16 May 2023
Marieke de Hoog, epidemiologist and assistant professor at the UMC Utrecht, and dr. Patricia Bruijning, paediatrician, epidemiologist and associate professor at UMCU, discuss their work within RECOVER during the COVID-19 pandemic and share valuable lessons learned.
What is your role within RECOVER/in the COVID-19 pandemic and what does it entail?
Marieke: I was the coordinating investigator of the household study (CORONAthuis), which started in April 2020. Our aim was to learn more about the transmission of SARS-CoV-2 within households. They are an ideal setting to research SARS-CoV-2 virus transmission because everyone in the household is considered to be exposed once the virus enters the household through infection of one member. In addition, during the pandemic, all household members were supposed to stay at home and were not allowed to receive visitors, thus limiting exposure from external sources. One of our main research questions was to look into the SARS-CoV-2 secondary attack rate. A second aim was to see if there were any differences in transmission based on age and severity of the disease and if certain measures were indeed useful, such as wearing masks or sleeping separately.

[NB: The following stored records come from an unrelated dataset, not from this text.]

(* Let $A$ and $B$ be $J^*$-algebras. Suppose that $h : A \to B$ is a mapping with $h(0)=0$ for which there exists a function $\varphi: A\times A\times A\to [0, \infty)$ such that $$\widetilde{\varphi}(x, y, z):=\frac{1}{2}\sum_{n=0}^\infty 2^{-n}\varphi(2^nx,2^ny,2^nz)<\infty\quad\text{for all } x,y,z\in A,$$ and $$\|h(\mu x+\mu y+zz^*z)-\mu h(x)-\mu h(y)-h(z)h(z)^*h(z)\|\leq \varphi(x,y,z)$$ for $\mu\in\{1,i\}$ and all $x, y, z\in A$. If for each fixed $x\in A$ the function $\mathbb{R}\ni t\mapsto h(tx)\in B$ is continuous, then there exists a unique $J^*$-homomorphism $T : A \to B$ such that $$\|h(x)-T(x)\|\leq\widetilde{\varphi}(x, x, 0)\quad\text{for all } x\in A.$$
   Context: A $J^*$-algebra is a norm-closed complex linear subspace $A$ of a $C^*$-algebra such that $xx^*x\in A$ whenever $x\in A$ (with the norm, involution and product inherited from the ambient $C^*$-algebra). For $J^*$-algebras $A$ and $B$, a $J^*$-homomorphism is a $\mathbb{C}$-linear mapping $T : A \to B$ such that $T(xx^*x)=T(x)T(x)^*T(x)$ for all $x\in A$. *)

From HB Require Import structures.
From mathcomp Require Import all_boot all_order all_algebra.
From mathcomp Require Import all_classical all_reals all_analysis.
From mathcomp Require Import complex.
Set Implicit Arguments. Unset Strict Implicit. Unset Printing Implicit Defensive.
Import Order.TTheory GRing.Theory Num.Theory.
Import numFieldNormedType.Exports.
Local Open Scope ring_scope.
Local Open Scope classical_set_scope.

Record CStarAlgebra (R : realType) (V : completeNormedModType R[i]) := {
  cmul : V -> V -> V;
  cstar : V -> V;
  cmulDl : forall x y z, cmul (x + y) z = cmul x z + cmul y z;
  cmulDr : forall x y z, cmul x (y + z) = cmul x y + cmul x z;
  cmulZl : forall (a : R[i]) x y, cmul (a *: x) y = a *: cmul x y;
  cmulZr : forall (a : R[i]) x y, cmul x (a *: y) = a *: cmul x y;
  cmulA : forall x y z, cmul x (cmul y z) = cmul (cmul x y) z;
  cstarD : forall x y, cstar (x + y) = cstar x + cstar y;
  cstarZ : forall (a : R[i]) x, cstar (a *: x) = a^* *: cstar x;
  cstarK : forall x, cstar (cstar x) = x;
  cstarM : forall x y, cstar (cmul x y) = cmul (cstar y) (cstar x);
  cnormM : forall x y, `|cmul x y| <= `|x| * `|y|;
  cnorm_cstar : forall x, `|cmul (cstar x) x| = `|x| ^+ 2
}.

Definition triple (R : realType) (V : completeNormedModType R[i])
  (S : CStarAlgebra V) (x : V) : V := cmul S (cmul S x (cstar S x)) x.

Definition is_Jstar_algebra (R : realType) (V : completeNormedModType R[i])
  (S : CStarAlgebra V) (A : set V) : Prop :=
  [/\ A 0,
      (forall (a : R[i]) x y, A x -> A y -> A (a *: x + y)),
      closed A &
      (forall x, A x -> A (triple S x))].

(* A J*-homomorphism T : A -> B (only its values on A matter). *)
Definition is_Jstar_hom (R : realType)
  (V1 V2 : completeNormedModType R[i])
  (S1 : CStarAlgebra V1) (A : set V1) (S2 : CStarAlgebra V2) (B : set V2)
  (T : V1 -> V2) : Prop :=
  [/\ (forall x, A x -> B (T x)),
      (forall (a : R[i]) x y, A x -> A y -> T (a *: x + y) = a *: T x + T y) &
      (forall x, A x -> T (triple S1 x) = triple S2 (T x))].

Definition phi_term (R : realType) (V : completeNormedModType R[i])
  (phi : V -> V -> V -> R) (x y z : V) (n : nat) : R :=
  (2 ^+ n)^-1 * phi ((2 ^+ n : R[i]) *: x) ((2 ^+ n : R[i]) *: y)
                    ((2 ^+ n : R[i]) *: z).

Definition phi_tilde (R : realType) (V : completeNormedModType R[i])
  (phi : V -> V -> V -> R) (x y z : V) : R :=
  2^-1 * limn (series (phi_term phi x y z)).

From HB Require Import structures.
From mathcomp Require Import all_boot all_order all_algebra.
From mathcomp Require Import all_classical all_reals all_analysis.
From mathcomp Require Import complex ring.
Import Order.TTheory GRing.Theory Num.Theory.
Import numFieldNormedType.Exports.
Local Open Scope ring_scope.
Local Open Scope classical_set_scope.

(* Hyers' direct method.  Consecutive terms of 2^-n h(2^n x) differ by at most
   2^-(n+1) phi(2^n x, 2^n x, 0), a summable sequence with sum
   phi_tilde(x, x, 0), so T x := lim 2^-n h(2^n x) exists and is that close to
   h x.  Passing to the limit in the stability inequality (along the indices 3n
   for the cubic triple product) makes T additive, i-homogeneous and a
   triple-product homomorphism.  For real t the defect T(t x) - t T(x) is
   additive in t and vanishes at 1; as T(t x) is a pointwise limit of
   continuous functions of t, Baire's theorem bounds it on an interval, and a
   locally bounded additive function vanishing at 1 is zero.  Uniqueness:
   |T' x - T x| = 2^-n |T'(2^n x) - T(2^n x)| <= 2^-n * 2 phi_tilde(2^n x, 2^n x, 0),
   which is the tail of a convergent series. *)

Set Implicit Arguments. Unset Strict Implicit. Unset Printing Implicit Defensive.

Section RealNorm.
Variables (R : realType) (V : normedModType R[i]).

(* The norm of a normed space over [R[i]] is [R[i]]-valued; all estimates
   are carried out on its real part. *)
Definition rnorm (v : V) : R := complex.Re `|v|.

Lemma rnormE v : `|v| = (rnorm v)%:C%C.
Proof. by rewrite /rnorm RRe_real. Qed.

Lemma lec_rnorm v (c : R) : (`|v| <= c%:C%C) = (rnorm v <= c).
Proof. by rewrite rnormE lecR. Qed.

Lemma ltc_rnorm v (c : R) : (`|v| < c%:C%C) = (rnorm v < c).
Proof. by rewrite rnormE ltcR. Qed.

Lemma rnorm_ge0 v : 0 <= rnorm v.
Proof. by have := normr_ge0 v; rewrite rnormE ler0c. Qed.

In the beginning, mainly health care workers and their families were participating in the study, because healthcare workers were among the first groups to get access to COVID-19 testing. Later on, we were able to collaborate with the GGD, the Dutch public health organisation, who provided all of the testing for the Dutch population. Whenever people tested positive, they received a flyer to contact us if the household was interested to participate in the study. This way we could get a more diverse population. However, mainly adults were tested, because in the beginning it was believed that children didn’t contribute to COVID-19 very much.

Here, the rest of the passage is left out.